** Opening The data block **
(* Let $q\in\mathbb{N}\setminus\{1\}$ and let $X$ be the geometric armadillo tail with parameter $r=\frac1q$. Then there exists a saddle connection, called $\mathrm{bsc}_2'$, namely the straight-line trajectory of slope $\frac{q}{2q-1}$ starting at the singular point $(1+\frac1q,0)$ (the lower right vertex of $\square_2$): this trajectory reaches the singularity again after finite length without passing through it in between.
   Context: Set $l_k=q^{-(k-1)}$, $s_k=l_1+\dots+l_k$ ($s_0=0$), and $\square_k=[s_{k-1},s_k]\times[0,l_k]\subset\mathbb{R}^2$. The geometric armadillo tail with parameter $\frac1q$ is obtained from $P=\bigcup_k\square_k$ by gluing the top edge of each $\square_k$ to its bottom edge by vertical translation, and for each $k\ge1$ gluing $\{s_k\}\times[l_{k+1},l_k]$ by horizontal translation to $\{0\}\times[l_{k+1},l_k]$; then taking the metric completion, in which all vertices of $P$ become a single wild singularity. Trajectories and slopes are computed in the polygonal representation $P$ with these gluings. A saddle connection is a closed straight-line segment from the singularity to itself with no singular point in its interior. *)

From Stdlib Require Import Reals Lra.
Open Scope R_scope.

(* Geometric armadillo tail with parameter 1/q, polygonal representation P.
   Squares are indexed by k >= 1 (index 0 is never used). *)

Definition arm_l (q : nat) (k : nat) : R := (/ INR q) ^ (k - 1).

Fixpoint arm_s (q : nat) (k : nat) : R :=
  match k with
  | O => 0
  | S k' => arm_s q k' + arm_l q (S k')
  end.

Definition pt := (R * R)%type.

(* The (topological) interior of P = \bigcup_{k>=1} [s_{k-1},s_k] x [0,l_k],
   written out: open squares, plus the open shared vertical edges
   {s_k} x (0, l_{k+1}) between consecutive squares. *)
Definition arm_interior (q : nat) (p : pt) : Prop :=
  (exists k, (1 <= k)%nat /\ arm_s q (k - 1) < fst p < arm_s q k
             /\ 0 < snd p < arm_l q k)
  \/ (exists k, (1 <= k)%nat /\ fst p = arm_s q k
             /\ 0 < snd p < arm_l q (S k)).

(* The vertices of P (all of them become the single singular point). *)
Definition arm_vertex (q : nat) (p : pt) : Prop :=
  p = (0, 0) \/ p = (0, 1)
  \/ (exists k, (1 <= k)%nat /\
       (p = (arm_s q k, 0) \/ p = (arm_s q k, arm_l q k)
        \/ p = (arm_s q k, arm_l q (S k)))).

(* Edge gluings (on open edges, i.e. at non-singular points):
   top edge of square k glued to its bottom edge by vertical translation,
   and {s_k} x (l_{k+1}, l_k) glued to {0} x (l_{k+1}, l_k) horizontally.
   [arm_glued q p p'] : boundary point p is identified with boundary point p'. *)
Definition arm_glued_dir (q : nat) (p p' : pt) : Prop :=
  (exists k, (1 <= k)%nat /\ arm_s q (k - 1) < fst p < arm_s q k
             /\ snd p = arm_l q k /\ p' = (fst p, 0))
  \/ (exists k, (1 <= k)%nat /\ fst p = arm_s q k
             /\ arm_l q (S k) < snd p < arm_l q k /\ p' = (0, snd p)).

Definition arm_glued (q : nat) (p p' : pt) : Prop :=
  arm_glued_dir q p p' \/ arm_glued_dir q p' p.

Definition pt_add (p : pt) (c : R) (v : pt) : pt :=
  (fst p + c * fst v, snd p + c * snd v).

(* A saddle connection in direction v starting at the singular point p0,
   given as a straight-line trajectory in P with the gluings: finitely many
   pieces i = 0..n, piece i starts at a i and has (parameter) length t i > 0;
   its relative interior lies in the interior of P (no singular point, no edge
   crossing needing a gluing); its endpoint is glued to the start of the next
   piece (at a non-singular point), and the endpoint of the last piece is a
   vertex, i.e. the singularity. *)
Definition arm_saddle_connection_from (q : nat) (p0 v : pt) : Prop :=
  arm_vertex q p0 /\
  exists (n : nat) (a : nat -> pt) (t : nat -> R),
    a 0%nat = p0 /\
    (forall i, (i <= n)%nat -> 0 < t i /\
        forall c, 0 < c < t i -> arm_interior q (pt_add (a i) c v)) /\
    (forall i, (i < n)%nat -> arm_glued q (pt_add (a i) (t i) v) (a (S i))) /\
    arm_vertex q (pt_add (a n) (t n) v).

(* The saddle connection is written down explicitly.  After a first piece
   through square 3 it leaves the right edge of square 3 at height 1/(q(2q-1))
   and re-enters square 1 from the left.  Each round M = 1, ..., q-1 then
   consists of four pieces: across square 1 to its right edge, up to its top,
   from its bottom across into square 2 up to the top of square 2 (ending at
   abscissa 1 + (q-1-M)/q^2), and through square 2 to its right edge, which it
   meets at height (M+1)/(q(2q-1)), exactly one step higher than the height at
   which the round started.  All hitting points are interior points of glued
   edges until round q-1, whose third piece ends at the vertex (s_1, l_2). *)

From Stdlib Require Import Reals Lra Lia.
Open Scope R_scope.

Lemma arm_l_succ_le q k : (1 <= q)%nat -> arm_l q (S k) <= arm_l q k.
Proof.
  intros hq; unfold arm_l.
  assert (hQ : 1 <= INR q) by (apply (le_INR 1); exact hq).
  assert (hu : 0 < / INR q <= 1).
  { split; [apply Rinv_0_lt_compat; lra|].
    rewrite <- Rinv_1; apply Rinv_le_contravar; lra. }
  destruct k as [|k]; simpl; [lra|].
  rewrite Nat.sub_0_r.
  pose proof (pow_lt (/ INR q) k (proj1 hu)). nra.
Qed.

Lemma arm_interior_segment_in_square q k a t v :
  (1 <= k)%nat -> 0 < fst v -> 0 < snd v ->
  arm_s q (k - 1) <= fst a -> fst (pt_add a t v) <= arm_s q k ->
  0 <= snd a -> snd (pt_add a t v) <= arm_l q k ->
  forall c, 0 < c < t -> arm_interior q (pt_add a c v).
Proof.
  unfold pt_add; cbn [fst snd]; intros hk hx hy hx0 hx1 hy0 hy1 c hc.
  assert (hxc : 0 < c * fst v < t * fst v) by (split; nra).
  assert (hyc : 0 < c * snd v < t * snd v) by (split; nra).
  left; exists k; cbn [fst snd]; repeat split; try lia; lra.
Qed.

Lemma arm_interior_segment_across_edge q k a t v :
  (1 <= q)%nat -> (1 <= k)%nat -> 0 < fst v -> 0 < snd v ->
  arm_s q (k - 1) <= fst a -> fst (pt_add a t v) <= arm_s q (S k) ->
  0 <= snd a -> snd (pt_add a t v) <= arm_l q (S k) ->
  forall c, 0 < c < t -> arm_interior q (pt_add a c v).
Proof.
  unfold pt_add; cbn [fst snd]; intros hq hk hx hy hx0 hx1 hy0 hy1 c hc.
  pose proof (arm_l_succ_le q k hq) as hl.
  assert (hxc : 0 < c * fst v < t * fst v) by (split; nra).
  assert (hyc : 0 < c * snd v < t * snd v) by (split; nra).
  destruct (Rtotal_order (fst a + c * fst v) (arm_s q k)) as [hlt|[heq|hgt]].
  - left; exists k; cbn [fst snd]; repeat split; try lia; lra.
  - right; exists k; cbn [fst snd]; repeat split; try lia; lra.
  - left; exists (S k); cbn [fst snd]; rewrite Nat.sub_succ, Nat.sub_0_r.
    simpl arm_s in *; repeat split; try lia; lra.
Qed.

Lemma arm_glued_top q k p p' :
  (1 <= k)%nat -> arm_s q (k - 1) < fst p < arm_s q k ->
  snd p = arm_l q k -> p' = (fst p, 0) -> arm_glued q p p'.
Proof. intros; left; left; exists k; auto. Qed.

Lemma arm_glued_side q k p p' :
  (1 <= k)%nat -> fst p = arm_s q k ->
  arm_l q (S k) < snd p < arm_l q k -> p' = (0, snd p) -> arm_glued q p p'.
Proof. intros; left; right; exists k; auto. Qed.

Section GeometricArmadilloTail.

Variable q : nat.
Hypothesis hq : (2 <= q)%nat.

Let Q := INR q.
Let u := / Q.
Let w := / (2 * Q - 1).
Let v : pt := (2 * Q - 1, Q).

Lemma Q_ge_2 : 2 <= Q.
Proof. apply (le_INR 2); exact hq. Qed.

Ltac rat_ineq :=
  pose proof Q_ge_2; unfold u, w;
  match goal with
  | |- ?a < ?b => enough (0 < b - a) by lra
  | |- ?a <= ?b => enough (0 <= b - a) by lra
  end;
  field_simplify; try lra;
  unfold Rdiv; first
  [ apply Rmult_lt_0_compat; [nra | apply Rinv_0_lt_compat; nra]
  | apply Rmult_le_pos; [nra | apply Rlt_le, Rinv_0_lt_compat; nra] ].

Ltac rat_eq := pose proof Q_ge_2; unfold u, w; field; lra.

Lemma arm_s_1 : arm_s q 1 = 1.
Proof. unfold arm_s, arm_l; simpl; ring. Qed.
Lemma arm_s_2 : arm_s q 2 = 1 + u.
Proof. unfold arm_s, arm_l; simpl; fold Q u; ring. Qed.
Lemma arm_s_3 : arm_s q 3 = 1 + u + u * u.
Proof. unfold arm_s, arm_l; simpl; fold Q u; ring. Qed.
Lemma arm_l_1 : arm_l q 1 = 1.
Proof. reflexivity. Qed.
Lemma arm_l_2 : arm_l q 2 = u.
Proof. unfold arm_l; simpl; fold Q u; ring. Qed.
Lemma arm_l_3 : arm_l q 3 = u * u.
Proof. unfold arm_l; simpl; fold Q u; ring. Qed.
Lemma arm_l_4 : arm_l q 4 = u * u * u.
Proof. unfold arm_l; simpl; fold Q u; ring. Qed.

Ltac arm_values :=
  rewrite ?arm_s_1, ?arm_s_2, ?arm_s_3, ?arm_l_1, ?arm_l_2, ?arm_l_3, ?arm_l_4;
  cbn [arm_s].

Lemma direction_pos : 0 < fst v /\ 0 < snd v.
Proof. pose proof Q_ge_2; cbn [v fst snd]; lra. Qed.

Definition round_start (M : R) (s : nat) : pt :=
  match s with
  | O => (0, M * u * w)
  | 1%nat => (0, (Q * Q + M) * u * w)
  | 2%nat => (1 - u - M * u * u, 0)
  | _ => (1 + (Q - 1 - M) * u * u, 0)
  end.

Definition round_len (M : R) (s : nat) : R :=
  match s with
  | O => w
  | 1%nat => (Q * Q - Q - M) * u * u * w
  | 2%nat => u * u
  | _ => (M + 1) * u * u * w
  end.

Definition round_end (M : R) (s : nat) : pt :=
  match s with
  | O => (1, (Q * Q + M) * u * w)
  | 1%nat => (1 - u - M * u * u, 1)
  | 2%nat => (1 + (Q - 1 - M) * u * u, u)
  | _ => (1 + u, (M + 1) * u * w)
  end.

Lemma round_end_spec M s :
  pt_add (round_start M s) (round_len M s) v = round_end M s.
Proof.
  unfold pt_add, v.
  destruct s as [|[|[|s]]]; cbn [round_start round_len round_end fst snd];
    f_equal; rat_eq.
Qed.

Section Round.

Variable M : R.
Hypothesis hM : 1 <= M <= Q - 1.

Lemma round_len_pos s : 0 < round_len M s.
Proof. destruct s as [|[|[|s]]]; cbn [round_len]; rat_ineq. Qed.

Ltac segment_bounds :=
  rewrite ?round_end_spec; cbn [round_start round_end fst snd Nat.sub];
  arm_values; try lia; try lra; rat_ineq.

Lemma round_segment s c :
  0 < c < round_len M s -> arm_interior q (pt_add (round_start M s) c v).
Proof.
  destruct direction_pos as [hvx hvy].
  destruct s as [|[|[|s]]].
  - apply (arm_interior_segment_in_square q 1); segment_bounds.
  - apply (arm_interior_segment_in_square q 1); segment_bounds.
  - apply (arm_interior_segment_across_edge q 1); segment_bounds.
  - apply (arm_interior_segment_in_square q 2); segment_bounds.
Qed.

Lemma round_glued s :
  (s < 3)%nat -> (s = 2%nat -> M < Q - 1) ->
  arm_glued q (round_end M s) (round_start M (S s)).
Proof.
  intros hs h2; destruct s as [|[|[|s]]]; try lia.
  - apply (arm_glued_side q 1); cbn [round_end round_start fst snd];
      arm_values; try lia; try reflexivity; split; rat_ineq.
  - apply (arm_glued_top q 1); cbn [round_end round_start fst snd Nat.sub];
      arm_values; try lia; try reflexivity; split; rat_ineq.
  - specialize (h2 eq_refl).
    apply (arm_glued_top q 2); cbn [round_end round_start fst snd Nat.sub];
      arm_values; try lia; try reflexivity; split; rat_ineq.
Qed.

Lemma round_glued_next :
  arm_glued q (round_end M 3) (round_start (M + 1) 0).
Proof.
  apply (arm_glued_side q 2); cbn [round_end round_start fst snd];
    arm_values; try lia; try reflexivity; split; rat_ineq.
Qed.

End Round.

Lemma last_round_end_vertex : arm_vertex q (round_end (Q - 1) 2).
Proof.
  right; right; exists 1%nat; split; [lia|]; right; right.
  rewrite arm_s_1, arm_l_2; cbn [round_end]; f_equal; ring.
Qed.

Lemma first_segment c :
  0 < c < u * u * w -> arm_interior q (pt_add (1 + u, 0) c v).
Proof.
  destruct direction_pos as [hvx hvy].
  apply (arm_interior_segment_in_square q 3); unfold pt_add, v;
    cbn [fst snd Nat.sub]; arm_values; try lia; try lra; rat_ineq.
Qed.

Lemma first_glued :
  arm_glued q (pt_add (1 + u, 0) (u * u * w) v) (round_start 1 0).
Proof.
  apply (arm_glued_side q 3); unfold pt_add, v; cbn [round_start fst snd];
    arm_values; try lia.
  - rat_eq.
  - split; rat_ineq.
  - f_equal; rat_eq.
Qed.

(* Piece 0 is the first piece; piece 1 + 4 (M - 1) + s is piece s of round M. *)
Definition piece_start (i : nat) : pt :=
  match i with
  | O => (1 + u, 0)
  | S j => round_start (INR (S (j / 4))) (j mod 4)
  end.

Definition piece_len (i : nat) : R :=
  match i with
  | O => u * u * w
  | S j => round_len (INR (S (j / 4))) (j mod 4)
  end.

Lemma piece_round k s : (s < 4)%nat ->
  piece_start (S (4 * k + s)) = round_start (INR (S k)) s /\
  piece_len (S (4 * k + s)) = round_len (INR (S k)) s.
Proof.
  intros hs; cbn [piece_start piece_len].
  replace ((4 * k + s) / 4)%nat with k by (apply (Nat.div_unique _ _ _ s); lia).
  replace ((4 * k + s) mod 4)%nat with s by (apply (Nat.mod_unique _ _ k); lia).
  split; reflexivity.
Qed.

Lemma div_mod_4_cases j : exists k s, (s < 4)%nat /\ j = (4 * k + s)%nat.
Proof.
  exists (j / 4)%nat, (j mod 4)%nat.
  pose proof (Nat.div_mod_eq j 4); pose proof (Nat.mod_upper_bound j 4); lia.
Qed.

Lemma round_index_bounds k : (S k < q)%nat -> 1 <= INR (S k) <= Q - 1.
Proof.
  intros hk; assert (INR (S (S k)) <= Q) by (apply le_INR; lia).
  rewrite !S_INR in *; pose proof (pos_INR k); lra.
Qed.

Lemma round_index_lt k : (S (S k) < q)%nat -> INR (S k) < Q - 1.
Proof.
  intros hk; assert (INR (S (S (S k))) <= Q) by (apply le_INR; lia).
  rewrite !S_INR in *; lra.
Qed.

Lemma piece_segment i : (i <= 4 * q - 5)%nat ->
  0 < piece_len i /\
  forall c, 0 < c < piece_len i -> arm_interior q (pt_add (piece_start i) c v).
Proof.
  destruct i as [|j]; intros hi.
  - cbn [piece_len piece_start]; split; [rat_ineq | exact first_segment].
  - destruct (div_mod_4_cases j) as (k & s & hs & ->).
    destruct (piece_round k s hs) as [-> ->].
    pose proof (round_index_bounds k ltac:(lia)) as hM.
    split; [exact (round_len_pos _ hM s) | exact (round_segment _ hM s)].
Qed.

Lemma piece_glued i : (i < 4 * q - 5)%nat ->
  arm_glued q (pt_add (piece_start i) (piece_len i) v) (piece_start (S i)).
Proof.
  destruct i as [|j]; intros hi.
  - replace (piece_start 1) with (round_start 1 0) by reflexivity.
    exact first_glued.
  - destruct (div_mod_4_cases j) as (k & s & hs & ->).
    destruct (piece_round k s hs) as [-> ->]; rewrite round_end_spec.
    pose proof (round_index_bounds k ltac:(lia)) as hM.
    destruct (Nat.lt_ge_cases s 3) as [hs3|hs3].
    + replace (S (S (4 * k + s))) with (S (4 * k + S s)) by lia.
      rewrite (proj1 (piece_round k (S s) ltac:(lia))).
      apply (round_glued _ hM s hs3); intros ->; apply round_index_lt; lia.
    + replace s with 3%nat by lia.
      replace (S (S (4 * k + 3))) with (S (4 * S k + 0)) by lia.
      rewrite (proj1 (piece_round (S k) 0 ltac:(lia))), (S_INR (S k)).
      exact (round_glued_next _ hM).
Qed.

Lemma last_piece_vertex :
  arm_vertex q (pt_add (piece_start (4 * q - 5)) (piece_len (4 * q - 5)) v).
Proof.
  replace (4 * q - 5)%nat with (S (4 * (q - 2) + 2)) by lia.
  destruct (piece_round (q - 2) 2 ltac:(lia)) as [-> ->]; rewrite round_end_spec.
  replace (INR (S (q - 2))) with (Q - 1)
    by (rewrite S_INR, minus_INR by lia; unfold Q; simpl; ring).
  exact last_round_end_vertex.
Qed.

End GeometricArmadilloTail.

Theorem lemma3p1 (q : nat) (hq : (2 <= q)%nat) :
  arm_saddle_connection_from q (1 + / INR q, 0) (2 * INR q - 1, INR q).
Proof.
  split.
  - right; right; exists 2%nat; split; [lia|]; left.
    rewrite (arm_s_2 q); reflexivity.
  - exists (4 * q - 5)%nat, (piece_start q), (piece_len q).
    split; [reflexivity|].
    split; [|split].
    + exact (piece_segment q hq).
    + exact (piece_glued q hq).
    + exact (last_piece_vertex q hq).
Qed.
** Closing The data block **
* Problem description
Out of the material above, output word for word the line with "simpl arm_s in", the line with "field_simplify; try lra;", and all lines between them, with nothing else.

* Exercise solution
    simpl arm_s in *; repeat split; try lia; lra.
Qed.

Lemma arm_glued_top q k p p' :
  (1 <= k)%nat -> arm_s q (k - 1) < fst p < arm_s q k ->
  snd p = arm_l q k -> p' = (fst p, 0) -> arm_glued q p p'.
Proof. intros; left; left; exists k; auto. Qed.

Lemma arm_glued_side q k p p' :
  (1 <= k)%nat -> fst p = arm_s q k ->
  arm_l q (S k) < snd p < arm_l q k -> p' = (0, snd p) -> arm_glued q p p'.
Proof. intros; left; right; exists k; auto. Qed.

Section GeometricArmadilloTail.

Variable q : nat.
Hypothesis hq : (2 <= q)%nat.

Let Q := INR q.
Let u := / Q.
Let w := / (2 * Q - 1).
Let v : pt := (2 * Q - 1, Q).

Lemma Q_ge_2 : 2 <= Q.
Proof. apply (le_INR 2); exact hq. Qed.

Ltac rat_ineq :=
  pose proof Q_ge_2; unfold u, w;
  match goal with
  | |- ?a < ?b => enough (0 < b - a) by lra
  | |- ?a <= ?b => enough (0 <= b - a) by lra
  end;
  field_simplify; try lra;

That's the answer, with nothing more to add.